I found these flowers during my walk today, and the moment I saw them I was pulled back to childhood. We used to pluck a bloom and toss it into the air, trying to keep it spinning as long as possible before it drifted down. It was such a simple game, yet it felt like a tiny science experiment, timing the throw, watching the petals catch the air, learning by doing. Maybe that’s why it stuck with me. Those small curiosities, repeated a hundred times, quietly shaped how I notice things now.

In black and white, the memory feels even closer. Color would have made the flowers the whole story, but removing it lets the details breathe, the soft curve of each petal, the subtle textures, the way the light drops off into the shadows of the leaves. I like how monochrome turns a familiar plant into a study of form, tone, and rhythm.

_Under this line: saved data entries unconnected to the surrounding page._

(* The atoms of [C] outside [D] are first renamed away by a permutation fixing
   [D], hence [y]; on the resulting support [g] can be replaced by a
   permutation fixing it. *)
Lemma psupp_fix_inter C D y g : psupp Y C y -> psupp Y D y ->
  {in C, forall c, c \in D -> sval g c = c} -> act g y = y.
Proof.
move=> HC HD Hg.
have [p [pD pC]] := exists_perm_fresh C D (C ++ map (sval g) C).
have HpC : psupp Y (map (sval p) C) y.
  by rewrite -(psupp_fix HD pD); apply: psupp_act pactM _ _ _ HC.
pose C' := [seq sval p c | c <- C & c \notin D].
have C'P b : b \in C' -> b \notin C ++ map (sval g) C.
  by case/mapP=> c; rewrite mem_filter => /andP[cD cC] ->; apply: pC.
have [h [hC hC']] : exists h : Permt, {in C, sval h =1 sval g} /\ {in C', sval h =1 id}.
  apply: (@exists_perm_glue C C' g pid) => [c cC | c b cC bC'].
    by apply/negP => /C'P; rewrite mem_cat cC.
  by apply: contraTneq (C'P b bC') => /= <-; rewrite negbK mem_cat map_f ?orbT.
rewrite -(HC h) => [|c cC]; last by rewrite hC.
apply: psupp_fix HpC _ => _ /mapP[c cC ->].
have [cD | cD] := boolP (c \in D); first by rewrite pD //= hC // Hg.
by rewrite hC' // map_f // mem_filter cD.
Qed.

Lemma psupp_inter C D y : psupp Y C y -> psupp Y D y ->
  psupp Y [seq c <- C | c \in D] y.
Proof.
move=> HC HD g1 g2 E; have [g2i [K1 K2]] := exists_perm_inv g2.
have -> : act g1 y = act g2 (act (pcomp g2i g1) y) by rewrite pactM (pactK K2).
rewrite (psupp_fix_inter HC HD) // => c cC cD /=.
by rewrite E ?mem_filter ?cC ?cD.
Qed.

Definition Frel_by (g : Permt) (C : seq nat) (p q : Sbt * pcar Y) : Prop :=
  [/\ psupp Y C p.2, q.2 = act g p.2
    & {in C, forall c, sval p.1 c = sval q.1 (sval g c)}].

Definition Frel (p q : Sbt * pcar Y) : Prop := exists g C, Frel_by g C p q.

Lemma Frel_by_restrict g C p q A A' : Frel_by g C p q ->
  psupp Y A p.2 -> psupp Y A' q.2 -> exists C1,
  [/\ Frel_by g C1 p q, {subset C1 <= A} & {in C1, forall c, sval g c \in A'}].
Proof.
case: p q => [m y] [m' y'] [/= HC -> Hm] HA HA'.
have [gi [K1 K2]] := exists_perm_inv g.
have HgiA' : psupp Y (map (sval gi) A') y.
  by rewrite -(pactK K1 y); apply: psupp_act pactM _ _ _ HA'.
exists [seq c <- C | (c \in A) && (sval g c \in A')]; split.
- split=> //=; last by move=> c; rewrite mem_filter => /andP[_]; apply: Hm.
  apply: psupp_sub (psupp_inter (psupp_inter HC HA) HgiA') _ => c.
  by rewrite !mem_filter => /andP[/mapP[a aA' ->] /andP[-> ->]]; rewrite K2 aA'.
- by move=> c; rewrite mem_filter => /andP[/andP[]].
- by move=> c; rewrite mem_filter => /andP[/andP[]].
Qed.

Lemma Frel_refl p : Frel p p.
Proof.
have [C HC] := psupp_exists p.2.
by exists pid, C; split; rewrite ?pact_id.
Qed.

Lemma Frel_sym p q : Frel p q -> Frel q p.
Proof.
case: p q => [m x] [m' y] [g [C [/= HC -> Hm]]]; have [gi [K1 K2]] := exists_perm_inv g.
exists gi, (map (sval g) C); split.
- exact: psupp_act pactM _ _ _ HC.
- by rewrite pactK.
- by move=> _ /mapP[c cC ->]; rewrite K1 Hm.
Qed.

Lemma Frel_trans p q r : Frel p q -> Frel q r -> Frel p r.
Proof.
case=> g [C [HC Hq Hpq]] [h [D [HD Hr Hqr]]].
have [gi [K1 K2]] := exists_perm_inv g.
exists (pcomp h g), [seq c <- C | c \in map (sval gi) D]; split.
- apply: psupp_inter => //.
  by rewrite -(pactK K1 p.2) -Hq; apply: psupp_act pactM _ _ _ HD.
- by rewrite Hr Hq pactM.
- move=> c; rewrite mem_filter => /andP[/mapP[d dD ->] cC].
  by rewrite /= Hpq // K2 Hqr.
Qed.

Lemma Fgen_Frel p q : Fgen p q -> Frel p q.
Proof.
case: p q / => [m g x | m m' x C HC E].
- apply: Frel_sym; have [C HC] := psupp_exists x.
  by exists g, C; split.
- by exists pid, C; split; rewrite ?pact_id.
Qed.

Lemma FequivP p q : FR p q <-> Frel p q.
Proof.
split.
  elim=> {p q} [p q pq | p | p q _ pq | p q r _ pq _ qr].
  - exact: Fgen_Frel.
  - exact: Frel_refl.
  - exact: Frel_sym.
  - exact: Frel_trans pq qr.
case: p q => [m x] [m' y] [g [C [HC /= -> E]]].
apply: (@rst_trans _ _ _ (scomp m' (sb_of_perm g), x)).
  by apply/rst_step/(Fgen_supp HC) => c cC /=; apply: E.
exact/rst_sym/rst_step/Fgen_perm.
Qed.

Lemma Fequiv_ext (m m' : Sbt) x : sval m =1 sval m' -> FR (m, x) (m', x).
Proof. by move=> E; have [C HC] := psupp_exists x; apply/rst_step/(Fgen_supp HC). Qed.
Lemma wf_form_mono phi : forall k k', k <= k' -> wf_form k phi -> wf_form k' phi.
Proof.
  induction phi; intros k k' Hk Hw; simpl in *; auto.
  - destruct Hw as [Hl Hw]; split; auto. eapply Forall_impl; [|exact Hw].
    intros; eapply wf_term_mono; eauto.
  - destruct Hw; split; eauto.
  - destruct Hw; split; eauto.
  - destruct Hw; split. eapply wf_term_mono; eauto. eapply IHphi; [|eauto]; lia.
  - eapply IHphi; [|eauto]; lia.
Qed.

Lemma wf_tlift t : forall j k, wf_term k t -> wf_term (S k) (tlift j t).
Proof.
  induction t using term_ind_list; intros j k Hw.
  - exact I.
  - simpl in *. nat_cases; simpl; lia.
  - apply wf_term_app in Hw. apply wf_term_app. destruct Hw as [Hl Hw].
    rewrite length_map. split; auto.
    rewrite Forall_forall in *. intros x Hx. apply in_map_iff in Hx.
    destruct Hx as [y [<- Hy]]. eapply H; eauto.
Qed.

Lemma wf_tpsubst t : forall k sg, wf_term k t -> (forall v, wf_term k (sg v)) ->
  wf_term k (tpsubst sg t).
Proof.
  induction t using term_ind_list; intros k sg Hw Hs; simpl; auto.
  apply wf_term_app in Hw. apply wf_term_app. destruct Hw as [Hl Hw].
  rewrite length_map. split; auto.
  rewrite Forall_forall in *. intros x Hx. apply in_map_iff in Hx.
  destruct Hx as [y [<- Hy]]. eapply H; eauto.
Qed.

Lemma wf_fpsubst phi : forall k sg, wf_form k phi ->
  (forall v, wf_term k (sg v)) -> wf_form k (fpsubst sg phi).
Proof.
  induction phi; intros k sg Hw Hs; simpl in *; auto.
  - destruct Hw as [Hl Hw]; rewrite length_map; split; auto.
    rewrite Forall_forall in *. intros x Hx. apply in_map_iff in Hx.
    destruct Hx as [y [<- Hy]]. apply wf_tpsubst; auto.
  - destruct Hw; split; eauto.
  - destruct Hw; split; eauto.
  - destruct Hw; split. apply wf_tpsubst; auto. apply IHphi; auto.
    intros; apply wf_tlift; auto.
  - apply IHphi; auto. intros; apply wf_tlift; auto.
Qed.

Lemma wf_tinst t : forall k m u, wf_term (S m) t -> k <= m -> wf_term m u ->
  wf_term m (tinst k u t).
Proof.
  induction t using term_ind_list; intros k m u Hw Hk Hu.
  - exact I.
  - simpl in *. nat_cases; simpl; auto; lia.
  - apply wf_term_app in Hw. apply wf_term_app. destruct Hw as [Hl Hw].
    rewrite length_map. split; auto.
    rewrite Forall_forall in *. intros x Hx. apply in_map_iff in Hx.
    destruct Hx as [y [<- Hy]]. eapply H; eauto.
Qed.

Lemma wf_finst phi : forall k m u, wf_form (S m) phi -> k <= m -> wf_term m u ->
  wf_form m (finst k u phi).
Proof.
  induction phi; intros k m u Hw Hk Hu; simpl in *; auto.
  - destruct Hw as [Hl Hw]; rewrite length_map; split; auto.
    rewrite Forall_forall in *. intros x Hx. apply in_map_iff in Hx.
    destruct Hx as [y [<- Hy]]. apply wf_tinst; auto.
  - destruct Hw; split; eauto.
  - destruct Hw; split; eauto.
  - destruct Hw; split. apply wf_tinst; auto. apply IHphi; auto. lia. apply wf_tlift; auto.
  - apply IHphi; auto. lia. apply wf_tlift; auto.
Qed.

Lemma sigma_open phi u : wf_form 1 phi -> wf_term 0 u -> sigma_formula (open phi u).
Proof. intros; apply wf_finst; auto. Qed.

Lemma tlift_wf t : forall k, wf_term k t -> tlift k t = t.
Proof.
  induction t using term_ind_list; intros k Hw; auto.
  - simpl in *. nat_cases; auto; lia.
  - apply wf_term_app in Hw. destruct Hw as [_ Hw]. simpl. f_equal.
    apply map_id_Forall. rewrite Forall_forall in *. auto.
Qed.

Lemma flift_wf phi : forall k, wf_form k phi -> flift k phi = phi.
Proof.
  induction phi; intros k Hw; simpl in *.
  - destruct Hw as [_ Hw]. f_equal. apply map_id_Forall. eapply Forall_impl; [|exact Hw].
    intros; apply tlift_wf; auto.
  - reflexivity.
  - reflexivity.
  - destruct Hw; f_equal; auto.
  - destruct Hw; f_equal; auto.
  - destruct Hw; f_equal; auto. apply tlift_wf; auto.
  - f_equal; auto.
Qed.

Lemma tinst_bvar_wf t : forall k, wf_term (S k) t -> tinst k (bvar k) t = t.
Proof.
  induction t using term_ind_list; intros k Hw; auto.
  - simpl in *. nat_cases; subst; auto; lia.
  - apply wf_term_app in Hw. destruct Hw as [_ Hw]. simpl. f_equal.
    apply map_id_Forall. rewrite Forall_forall in *. auto.
Qed.

Lemma finst_bvar_wf phi : forall k, wf_form (S k) phi -> finst k (bvar k) phi = phi.
Proof.
  induction phi; intros k Hw; simpl in *.
  - destruct Hw as [_ Hw]. f_equal. apply map_id_Forall. eapply Forall_impl; [|exact Hw].
    intros; apply tinst_bvar_wf; auto.
  - reflexivity.
  - reflexivity.
  - destruct Hw; f_equal; auto.
  - destruct Hw; f_equal; auto.
  - destruct Hw; f_equal. apply tinst_bvar_wf; auto. simpl. nat_cases; try lia. auto.
  - f_equal. simpl. nat_cases; try lia. auto.
Qed.

(* [tfv_bound t] is a strict upper bound on the free variables of [t]. *)
Fixpoint tfv_bound (t : term V) : nat :=
  match t with
  | fvar v => S v
  | bvar _ => 0
  | tapp f ts => (fix g (l : list (term V)) : nat :=
       match l with [] => 0 | u :: l' => max (tfv_bound u) (g l') end) ts
  end.

Lemma tfv_bound_app f (ts : list (term V)) :
  tfv_bound (tapp f ts) = list_max (map tfv_bound ts).
Proof. simpl. induction ts; simpl; auto. Qed.

Lemma tfv_bound_In x ts : In x ts -> tfv_bound x <= list_max (map tfv_bound ts).
Proof. intros Hx. apply list_max_ge_In, in_map; auto. Qed.

Fixpoint ffv_bound (phi : formula V) : nat :=
  match phi with
  | fatom p ts => list_max (map tfv_bound ts)
  | ftop | fbot => 0
  | fand a b | f_or a b => max (ffv_bound a) (ffv_bound b)
  | fall t a => max (tfv_bound t) (ffv_bound a)
  | fex a => ffv_bound a
  end.

Lemma tpsubst_agree t : forall sg sg', (forall v, v < tfv_bound t -> sg v = sg' v) ->
  tpsubst sg t = tpsubst sg' t.
Proof.
  induction t using term_ind_list; intros sg sg' E.
  - simpl in *; auto.
  - reflexivity.
  - rewrite tfv_bound_app in E. simpl. f_equal. apply map_ext_Forall.
    rewrite Forall_forall in *. intros x Hx. apply H; auto.
    intros v Hv. apply E. pose proof (tfv_bound_In x ts Hx). lia.
Qed.

Lemma fpsubst_agree phi : forall sg sg', (forall v, v < ffv_bound phi -> sg v = sg' v) ->
  fpsubst sg phi = fpsubst sg' phi.
Proof.
  induction phi; intros sg sg' E; simpl in *; f_equal.
  - apply map_ext_in. intros x Hx. apply tpsubst_agree. intros v Hv. apply E.
    pose proof (tfv_bound_In x l Hx). lia.
  - apply IHphi1; intros; apply E; lia.
  - apply IHphi2; intros; apply E; lia.
  - apply IHphi1; intros; apply E; lia.
  - apply IHphi2; intros; apply E; lia.
  - apply tpsubst_agree; intros; apply E; lia.
  - apply IHphi; intros; rewrite E; auto; lia.
  - apply IHphi; intros; rewrite E; auto; lia.
Qed.

Lemma tpsubst_id t : tpsubst fvar t = t.
Proof.
  induction t using term_ind_list; simpl; auto. f_equal. apply map_id_Forall; auto.
Qed.

Lemma fpsubst_id phi : fpsubst fvar phi = phi.
Proof.
  induction phi; simpl; f_equal; auto using tpsubst_id.
  apply map_id_Forall. rewrite Forall_forall; intros; apply tpsubst_id.
Qed.

Lemma tpsubst_fresh t sg : (forall v, v < tfv_bound t -> sg v = fvar v) -> tpsubst sg t = t.
Proof. intros H. rewrite <- (tpsubst_id t) at 2. apply tpsubst_agree; auto. Qed.

Lemma fpsubst_fresh phi sg : (forall v, v < ffv_bound phi -> sg v = fvar v) ->
  fpsubst sg phi = phi.
Proof. intros H. rewrite <- (fpsubst_id phi) at 2. apply fpsubst_agree; auto. Qed.

Fixpoint max_below (f : nat -> nat) (n : nat) : nat :=
  match n with 0 => 0 | S n => max (f n) (max_below f n) end.

Lemma max_below_ge f n v : v < n -> f v <= max_below f n.
Proof.
  induction n; simpl; intros; [lia|].
  destruct (Nat.eq_dec v n); subst; [lia|]. specialize (IHn ltac:(lia)); lia.
Qed.

(* Renaming the replaced variable [a] of (L23) to a variable [a'] beyond every
   free variable of the substituted terms commutes the substitution past it. *)
Lemma L23_fpsubst (s t : term V) a phi sg :
  logax (fpsubst sg (fand (eqf s t) (fsubst1 a s phi))) (fpsubst sg (fsubst1 a t phi)).
Proof.
  set (a' := max_below (fun v => tfv_bound (sg v)) (ffv_bound phi)).
  set (phi' := fpsubst (fun v => if v =? a then fvar a' else sg v) phi).
  assert (Key : forall u, fpsubst sg (fsubst1 a u phi) = fsubst1 a' (tpsubst sg u) phi').
  { intros u. unfold fsubst1, phi'. rewrite !fpsubst_comp. apply fpsubst_agree.
    intros v Hv. destruct (Nat.eqb_spec v a).
    - simpl. rewrite Nat.eqb_refl. reflexivity.
    - simpl. symmetry. apply tpsubst_fresh. intros w Hw.
      assert (tfv_bound (sg v) <= a') by (apply (max_below_ge (fun v => tfv_bound (sg v))); auto).
      destruct (Nat.eqb_spec w a'); [lia|reflexivity]. }
  change (fpsubst sg (fand (eqf s t) (fsubst1 a s phi))) with
    (fand (eqf (tpsubst sg s) (tpsubst sg t)) (fpsubst sg (fsubst1 a s phi))).
  rewrite !Key. apply L23.
Qed.

Lemma logax_fpsubst (a b : formula V) sg : logax a b -> logax (fpsubst sg a) (fpsubst sg b).
Proof.
  intros H. destruct H; simpl; try constructor.
  - rewrite fpsubst_open. apply L10.
  - rewrite fpsubst_flift. apply L11.
  - rewrite fpsubst_flift. apply L12.
  - rewrite fpsubst_open. apply L13.
  - rewrite fpsubst_flift, tpsubst_tlift. apply L14.
  - rewrite fpsubst_flift. apply L15.
  - apply L23_fpsubst.
Qed.

Lemma axinst_fpsubst T (a b : formula V) sg :
  axinst T a b -> axinst T (fpsubst sg a) (fpsubst sg b).
Proof.
  intros [H|[c [sg0 [Hc [-> ->]]]]].
  - left; apply logax_fpsubst; auto.
  - right. exists c, (fun v => tpsubst sg (sg0 v)). rewrite !fpsubst_comp. auto.
Qed.

Fixpoint ctx_psubst (sg : nat -> term V) (C : ctx V) : ctx V :=
  match C with
  | hole => hole
  | cand_l C' b => cand_l (ctx_psubst sg C') (fpsubst sg b)
  | cand_r a C' => cand_r (fpsubst sg a) (ctx_psubst sg C')
  | cor_l C' b => cor_l (ctx_psubst sg C') (fpsubst sg b)
  | cor_r a C' => cor_r (fpsubst sg a) (ctx_psubst sg C')
  | call t C' => call (tpsubst sg t) (ctx_psubst (up sg) C')
  | cex C' => cex (ctx_psubst (up sg) C')
  end.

It’s the same play from childhood, just slower, more attentive, toss the distractions out of the frame and let the eye linger.
I photographed the cluster from different angles, open blooms, a shy bud, overlapping leaves, like short chapters in the same memory. The frames remind me that some of our best lessons arrive quietly. We don’t call them “skills” when we’re kids, but curiosity, patience, and observation start exactly there, in games that don’t need a scoreboard.
Maybe that’s why these small walks matter to me. They’re a return to that playful way of seeing, one photo at a time. To see in color delights the eye, but seeing in black and white feels like listening to the soul.



”To see in color is a delight for the eye, but to see in black and white is delight for the soul.”